The use of specimens from subjects B101, B103, and M103 was approved by the University of Massachusetts Medical School and Baystate Medical Center Institutional Review Boards. Subjects MS1 and MS2 clinical specimens were obtained from neonates with congenital HCMV infection during the course of routine clinical care at the University of Minnesota Medical School. Protocols for collection of HCMV isolates from congenitally infected infants were approved by the University of Minnesota Institutional Review Board. Informed consent was obtained from subjects' parents for study of HCMV.

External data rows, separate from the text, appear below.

(* Let $f_1,\dots,f_n:\mathbb{R}^d\to\mathbb{R}$ be convex functions all of whose subgradients have Euclidean norm at most $L$, let $\Omega\subseteq\mathbb{R}^d$ be a closed convex set of diameter at most $D$, let $F(x)=\frac1n\sum_{i=1}^n f_i(x)$, $F^*=\min_{x\in\Omega}F(x)$, and let $x^*\in\arg\min_{x\in\Omega}F(x)$. Let $W$ be an $n\times n$ nonnegative doubly stochastic matrix with positive diagonal whose positive entries define a strongly connected directed graph, and let $\sigma<1$ be its second-largest singular value. Let the step-size $(\alpha(t))_{t\ge1}$ be positive and nonincreasing with $\sum_t\alpha(t)=+\infty$, $\sum_t\alpha^2(t)<\infty$, and suppose there are constants $C_\alpha, C_\alpha'$ with $\sum_{k=1}^t\alpha(k)\le C_\alpha\sum_{k=\lceil t/2\rceil}^t\alpha(k)$ and $\alpha(\lfloor t/2\rfloor)\le C_\alpha'\alpha(t)$ for all positive integers $t$. Let $\alpha_{\max}=\max_t\alpha(t)$. Consider the iteration $$x(t+1)=W\,P_\Omega\big[x(t)-\alpha(t)g(t)\big],\quad t\ge1,$$ where $x(t)$ is $n\times d$ with rows $x_i(t)$, all rows of $x(1)$ equal to a common point of $\Omega$, $g(t)$ has rows $g_i(t)$ with $g_i(t)$ a subgradient of $f_i$ at $x_i(t)$, and $P_\Omega$ acts row-wise as Euclidean projection onto $\Omega$. Let $\overline{x}(t)=\frac1n\sum_i x_i(t)$, $t'=\lfloor t/2\rfloor$, and $x'_\alpha(t)=\frac{\sum_{k=t'}^t\alpha(k)\overline{x}(k)}{\sum_{k=t'}^t\alpha(k)}$. Then there is an absolute constant $c>0$ such that, whenever $t$ satisfies $$\sum_{k=\lfloor t/2\rfloor}^{\infty}\alpha^2(k)\le\frac{D^2(1-\sigma)}{10C_\alpha'L^2}\quad\text{and}\quad t\ge\frac{c}{1-\sigma}\log\Big[\frac{(1-\sigma)\,t\,\alpha_{\max}}{C_\alpha'\alpha(t)}\Big],$$ we have $$F(x'_\alpha(t))-F^*\le\frac{D^2C_\alpha}{\sum_{k=1}^t\alpha(k)}.$$ Moreover, if $\alpha(t)=1/t^\beta$ with $\beta\in(1/2,1)$, there are constants $c_\beta, C_\beta>0$ depending only on $\beta$ such that whenever $t$ satisfies the second (logarithmic) condition above and additionally $t^{2\beta-1}\ge c_\beta\frac{L^2}{D^2(1-\sigma)}$, we have $F(x'_\alpha(t))-F^*\le C_\beta\frac{D^2}{t^{1-\beta}}$.
   Context: $P_\Omega$ denotes Euclidean projection onto $\Omega$. The second-largest singular value $\sigma$ of $W$ satisfies $\sigma<1$ under the stated assumptions on $W$ (the largest singular value is $1$, attained at the all-ones vector). *)

(* Stdlib (classical reals). Vectors of R^d are functions nat -> R that
   vanish at coordinates >= d (predicate inRd); matrices are nat -> nat -> R
   with indices < n. *)
From Stdlib Require Import Reals Lra Lia.
Open Scope R_scope.

Definition vec := nat -> R.

Fixpoint rsum (f : nat -> R) (m : nat) : R :=
  match m with O => 0 | S m' => rsum f m' + f m' end.

(* rsum_ft a b f = sum_{k=a}^{b} f k  (empty if b < a) *)
Definition rsum_ft (a b : nat) (f : nat -> R) : R :=
  rsum (fun k => f (a + k)%nat) (S b - a).

Definition inRd (d : nat) (x : vec) : Prop := forall k, (d <= k)%nat -> x k = 0.
Definition dot (d : nat) (x y : vec) : R := rsum (fun k => x k * y k) d.
Definition norm (d : nat) (x : vec) : R := sqrt (dot d x x).
Definition vsub (x y : vec) : vec := fun k => x k - y k.

Definition subset_Rd (d : nat) (Om : vec -> Prop) : Prop := forall x, Om x -> inRd d x.
Definition convex_set (d : nat) (Om : vec -> Prop) : Prop :=
  forall x y l, Om x -> Om y -> 0 <= l <= 1 -> Om (fun k => l * x k + (1 - l) * y k).
Definition closed_set (d : nat) (Om : vec -> Prop) : Prop :=
  forall x, inRd d x ->
    (forall eps, 0 < eps -> exists y, Om y /\ norm d (vsub x y) < eps) -> Om x.
Definition diam_le (d : nat) (Om : vec -> Prop) (D : R) : Prop :=
  forall x y, Om x -> Om y -> norm d (vsub x y) <= D.

Definition convex_fun (d : nat) (f : vec -> R) : Prop :=
  forall x y l, inRd d x -> inRd d y -> 0 <= l <= 1 ->
    f (fun k => l * x k + (1 - l) * y k) <= l * f x + (1 - l) * f y.
Definition is_subgrad (d : nat) (f : vec -> R) (x g : vec) : Prop :=
  inRd d g /\ forall y, inRd d y -> f y >= f x + dot d g (vsub y x).
Definition subgrad_bounded (d : nat) (f : vec -> R) (L : R) : Prop :=
  forall x g, inRd d x -> is_subgrad d f x g -> norm d g <= L.
Definition is_proj (d : nat) (Om : vec -> Prop) (z p : vec) : Prop :=
  Om p /\ forall q, Om q -> norm d (vsub z p) <= norm d (vsub z q).

Definition Favg (n : nat) (f : nat -> vec -> R) (x : vec) : R :=
  / INR n * rsum (fun i => f i x) n.

Definition doubly_stochastic (n : nat) (W : nat -> nat -> R) : Prop :=
  (forall i j, (i < n)%nat -> (j < n)%nat -> 0 <= W i j) /\
  (forall i, (i < n)%nat -> rsum (fun j => W i j) n = 1) /\
  (forall j, (j < n)%nat -> rsum (fun i => W i j) n = 1).

Inductive reach (n : nat) (W : nat -> nat -> R) (i : nat) : nat -> Prop :=
  | reach_refl : reach n W i i
  | reach_step : forall j k, reach n W i j -> (k < n)%nat -> 0 < W j k -> reach n W i k.

Definition strongly_connected (n : nat) (W : nat -> nat -> R) : Prop :=
  forall i j, (i < n)%nat -> (j < n)%nat -> reach n W i j.

Definition orthogonal_mx (n : nat) (U : nat -> nat -> R) : Prop :=
  forall i j, (i < n)%nat -> (j < n)%nat ->
    rsum (fun k => U k i * U k j) n = if Nat.eq_dec i j then 1 else 0.

Definition is_svd (n : nat) (W U : nat -> nat -> R) (s : nat -> R) (V : nat -> nat -> R) : Prop :=
  orthogonal_mx n U /\ orthogonal_mx n V /\
  (forall k, (k < n)%nat -> 0 <= s k) /\
  (forall k, (S k < n)%nat -> s (S k) <= s k) /\
  (forall i j, (i < n)%nat -> (j < n)%nat -> W i j = rsum (fun k => U i k * s k * V j k) n).

Definition second_singular_value (n : nat) (W : nat -> nat -> R) (sigma : R) : Prop :=
  (2 <= n)%nat /\ exists U s V, is_svd n W U s V /\ sigma = s 1%nat.

Definition stepsize_ok (alpha : nat -> R) : Prop :=
  (forall t, (1 <= t)%nat -> 0 < alpha t) /\
  (forall t, (1 <= t)%nat -> alpha (S t) <= alpha t) /\
  (forall M, exists N, M < rsum_ft 1 N alpha) /\
  (exists l, Un_cv (fun N => rsum_ft 1 N (fun k => alpha k ^ 2)) l).

Definition is_max_step (alpha : nat -> R) (amax : R) : Prop :=
  (forall t, (1 <= t)%nat -> alpha t <= amax) /\ exists t, (1 <= t)%nat /\ alpha t = amax.

Definition tail_sq (alpha : nat -> R) (a : nat) (S : R) : Prop :=
  Un_cv (fun N => rsum_ft a (a + N) (fun k => alpha k ^ 2)) S.

(* x t i = x_i(t), g t i = g_i(t), P t j = P_Om[x_j(t) - alpha(t) g_j(t)] *)
Definition dsgd_run (n d : nat) (f : nat -> vec -> R) (Om : vec -> Prop)
  (W : nat -> nat -> R) (alpha : nat -> R) (x g P : nat -> nat -> vec) : Prop :=
  (exists x0, Om x0 /\ forall i k, (i < n)%nat -> x 1%nat i k = x0 k) /\
  (forall t i, (1 <= t)%nat -> (i < n)%nat -> is_subgrad d (f i) (x t i) (g t i)) /\
  (forall t j, (1 <= t)%nat -> (j < n)%nat ->
     is_proj d Om (fun k => x t j k - alpha t * g t j k) (P t j)) /\
  (forall t i k, (1 <= t)%nat -> (i < n)%nat ->
     x (S t) i k = rsum (fun j => W i j * P t j k) n).

Definition xbar (n : nat) (x : nat -> nat -> vec) (t : nat) : vec :=
  fun k => / INR n * rsum (fun i => x t i k) n.

(* t' = floor(t/2), taken to be at least 1 since the sequences start at index 1 *)
Definition tprime (t : nat) : nat := Nat.max 1 (t / 2).

Definition xprime (n : nat) (alpha : nat -> R) (x : nat -> nat -> vec) (t : nat) : vec :=
  fun k => rsum_ft (tprime t) t (fun s => alpha s * xbar n x s k)
           / rsum_ft (tprime t) t alpha.

Definition standing (n d : nat) (f : nat -> vec -> R) (L : R) (Om : vec -> Prop) (D : R)
  (xstar : vec) (W : nat -> nat -> R) (sigma : R) : Prop :=
  (forall i, (i < n)%nat -> convex_fun d (f i) /\ subgrad_bounded d (f i) L) /\
  subset_Rd d Om /\ convex_set d Om /\ closed_set d Om /\ diam_le d Om D /\
  Om xstar /\ (forall y, Om y -> Favg n f xstar <= Favg n f y) /\
  doubly_stochastic n W /\ (forall i, (i < n)%nat -> 0 < W i i) /\
  strongly_connected n W /\
  second_singular_value n W sigma /\ sigma < 1.

(** Projected subgradient steps keep every node in [Om], and mixing by the doubly stochastic
    [W] does not increase [sum_i |x_i - xstar|^2]; so this potential drops by
    [2 n alpha(t) (F(xbar t) - F(xstar))] up to an [n alpha(t)^2 L^2] term and a term
    [2 alpha(t) L sum_i |x_i - xbar|] paid for evaluating the f_i away from the average.
    Mixing contracts deviations from the average by the second singular value [sigma], so the
    root disagreement [q] obeys [q(t+1) <= sigma (q(t) + sqrt n alpha(t) L)]; on the window
    [[t', t]] the logarithmic condition on [t] has damped the start-up transient, leaving
    [q(k) = O(sqrt n L C'_alpha alpha(k) / (1 - sigma))]. Summing the descent inequality over the
    window, telescoping, and applying Jensen's inequality to [x'_alpha(t)] gives
    [sum_k alpha(k) (F(x'_alpha t) - F(xstar)) <= D^2/2 + O(L^2 / (1 - sigma)) sum_k alpha(k)^2],
    and both rates follow from bounds on the two window sums. *)

From Stdlib Require Import Reals Lra Lia Psatz FunctionalExtensionality.
Open Scope R_scope.

Lemma rsum_ext f g m : (forall i, (i < m)%nat -> f i = g i) -> rsum f m = rsum g m.
Proof.
  induction m; intros H; simpl; auto.
  rewrite IHm by (intros; apply H; lia). rewrite H by lia. reflexivity.
Qed.

Lemma rsum_add f g m : rsum (fun i => f i + g i) m = rsum f m + rsum g m.
Proof. induction m; simpl; [lra|]. rewrite IHm. lra. Qed.

Lemma rsum_sub f g m : rsum (fun i => f i - g i) m = rsum f m - rsum g m.
Proof. induction m; simpl; [lra|]. rewrite IHm. lra. Qed.

Lemma rsum_scal_l c f m : rsum (fun i => c * f i) m = c * rsum f m.
Proof. induction m; simpl; [lra|]. rewrite IHm. lra. Qed.

Lemma rsum_scal_r c f m : rsum (fun i => f i * c) m = rsum f m * c.
Proof. induction m; simpl; [lra|]. rewrite IHm. lra. Qed.

Lemma rsum_const c m : rsum (fun _ => c) m = INR m * c.
Proof. induction m; simpl rsum; [simpl; lra|]. rewrite IHm, S_INR. lra. Qed.

Lemma rsum_zero m : rsum (fun _ => 0) m = 0.
Proof. rewrite rsum_const. lra. Qed.

Lemma rsum_le f g m : (forall i, (i < m)%nat -> f i <= g i) -> rsum f m <= rsum g m.
Proof.
  induction m; intros H; simpl; [lra|].
  assert (rsum f m <= rsum g m) by (apply IHm; intros; apply H; lia).
  specialize (H m ltac:(lia)). lra.
Qed.

Lemma rsum_nonneg f m : (forall i, (i < m)%nat -> 0 <= f i) -> 0 <= rsum f m.
Proof. intros H. rewrite <- (rsum_zero m). apply rsum_le. auto. Qed.

Lemma rsum_swap (f : nat -> nat -> R) m p :
  rsum (fun i => rsum (fun j => f i j) p) m = rsum (fun j => rsum (fun i => f i j) m) p.
Proof.
  induction m; simpl.
  - symmetry. apply rsum_zero.
  - rewrite IHm. rewrite <- rsum_add. reflexivity.
Qed.

Lemma rsum_shift f m : rsum f (S m) = f 0%nat + rsum (fun k => f (S k)) m.
Proof. induction m; simpl in *; [lra|]. rewrite IHm. lra. Qed.

Lemma rsum_shift_pos f m : (0 < m)%nat -> rsum f m = f 0%nat + rsum (fun k => f (S k)) (pred m).
Proof. intros. destruct m; [lia|]. apply rsum_shift. Qed.

Lemma rsum_nonneg_le0_eq0 f m : (forall i, (i < m)%nat -> 0 <= f i) -> rsum f m <= 0 ->
  forall i, (i < m)%nat -> f i = 0.
Proof.
  induction m; intros H Hs i Hi; [lia|].
  simpl in Hs.
  assert (0 <= rsum f m) by (apply rsum_nonneg; intros; apply H; lia).
  assert (0 <= f m) by (apply H; lia).
  destruct (Nat.eq_dec i m).
  - subst. lra.
  - apply IHm; [intros; apply H; lia | lra | lia].
Qed.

Patient population, collection of specimens and viral DNA extraction

Patients identified at the University of Minnesota Medical Center or University of Massachusetts Memorial Health Center were evaluated for HCMV infection on the basis of signs and symptoms suggesting congenital infection. Patients MS1 and MS2 were monochorionic, monozygotic twins with clinical evidence of congenital CMV consisting of thrombocytopenia, transaminitis, and, for MS1, a small gestational age phenotype. Congenital infection was confirmed for all patients by urine HCMV positive cultures before 3 weeks of age and/or PCR detection of HCMV DNA. No patients were treated with antiviral drugs.

Serial specimens were collected at times described in Table 1. Specimens were stored at −80°C until DNA purification. Total DNA was purified using a Qiagen Blood and Tissue Kit using the standard protocol.

Amplification of HCMV DNA

A set of primer pairs were constructed that spanned the entire HCMV genome. Details of the primers sequences and primer design strategy have been described [6]. The conditions for PCR were as follows: 1× PfuUltra II PCR buffer, 0.25 mM each dNTP (NEB), 0.25 uM each primer (IDT DNA), 0.5 uL PfuUltra II Polymerase (Agilent) and 1M betaine. A touchdown PCR was run on an Eppendorf Mastercycler ep gradient S with the following program for all reactions: 98°C for 2 min, 5 cycles of 98°C for 30 s, 63°C (decreasing by 1°/cycle) for 30 s, 72°C for 2 min, followed by 25 cycles of 98°C for 30 s, 58°C for 30 s and 72°C for 2 min, with a 10 min final extension at 72°C. Approximately 10,000 genomes copies, based on qPCR results, were used for each amplification reaction. All amplified products were size-selected on agarose gels and gel purified. After amplification of the HCMV genome, all amplicons were quantified on a Nanodrop 2000, pooled in equimolar proportions and used as substrate in Illumina sequencing. Quantitative PCR was performed using primers and probes described previously [36].

Illumina sequencing

The DNA in pooled amplicons was sheared by sonication on a Sonic Dismembrator 550 (Fisher) until the median size was ∼350 basepairs (bp). The DNA library was prepared as described [37]. Briefly, DNA was end-repaired using the End-Repair Enzyme Mix (NEB), and A-tailed using the ATP and Klenow (exo⁻) (NEB). Adapters with appropriate barcodes were ligated onto the modified DNA ends. The library was then size selected on a 2% agarose gel, to produce a library with a median size of 350 bp+/−50 bp. The library was amplified with Illumina primers (P/N 1003454) (www.illumina.com). Once prepared, the libraries were combined in appropriate ratios and submitted for paired-end sequencing on the Illumina GAII. A Toledo strain amplicon set generated from a BAC clone was included as an internal control for measuring error rates.

Sequence analysis

The raw sequence images were processed through Illumina Pipeline 1.8 to generate sequence data. The consensus sequence of each sample was called as described [6]. Variants from the consensus sequence were called using the variant filtering protocol as described previously [6]. The variants were filtered to remove errors using parameter thresholds. Variants with parameters below the thresholds were discarded. The thresholds were: minimum basecall quality (≥33), mapping quality (≥89), and depth (≥15). Variant frequency was also used as a threshold. In our prior work, a variant frequency threshold of ≥1.9% was used. However, due to reduced error rates associated with Illumina sequencing, a lower variant frequency threshold of ≥1.02% could be used to achieve a 5% false positive rate (Figure S1). Unfolded SNP frequency spectra were generated using the HCMV reference sequence (Strain Merlin, Ref Seq ID: NC_006273) as an outgroup for the intrahost populations under study.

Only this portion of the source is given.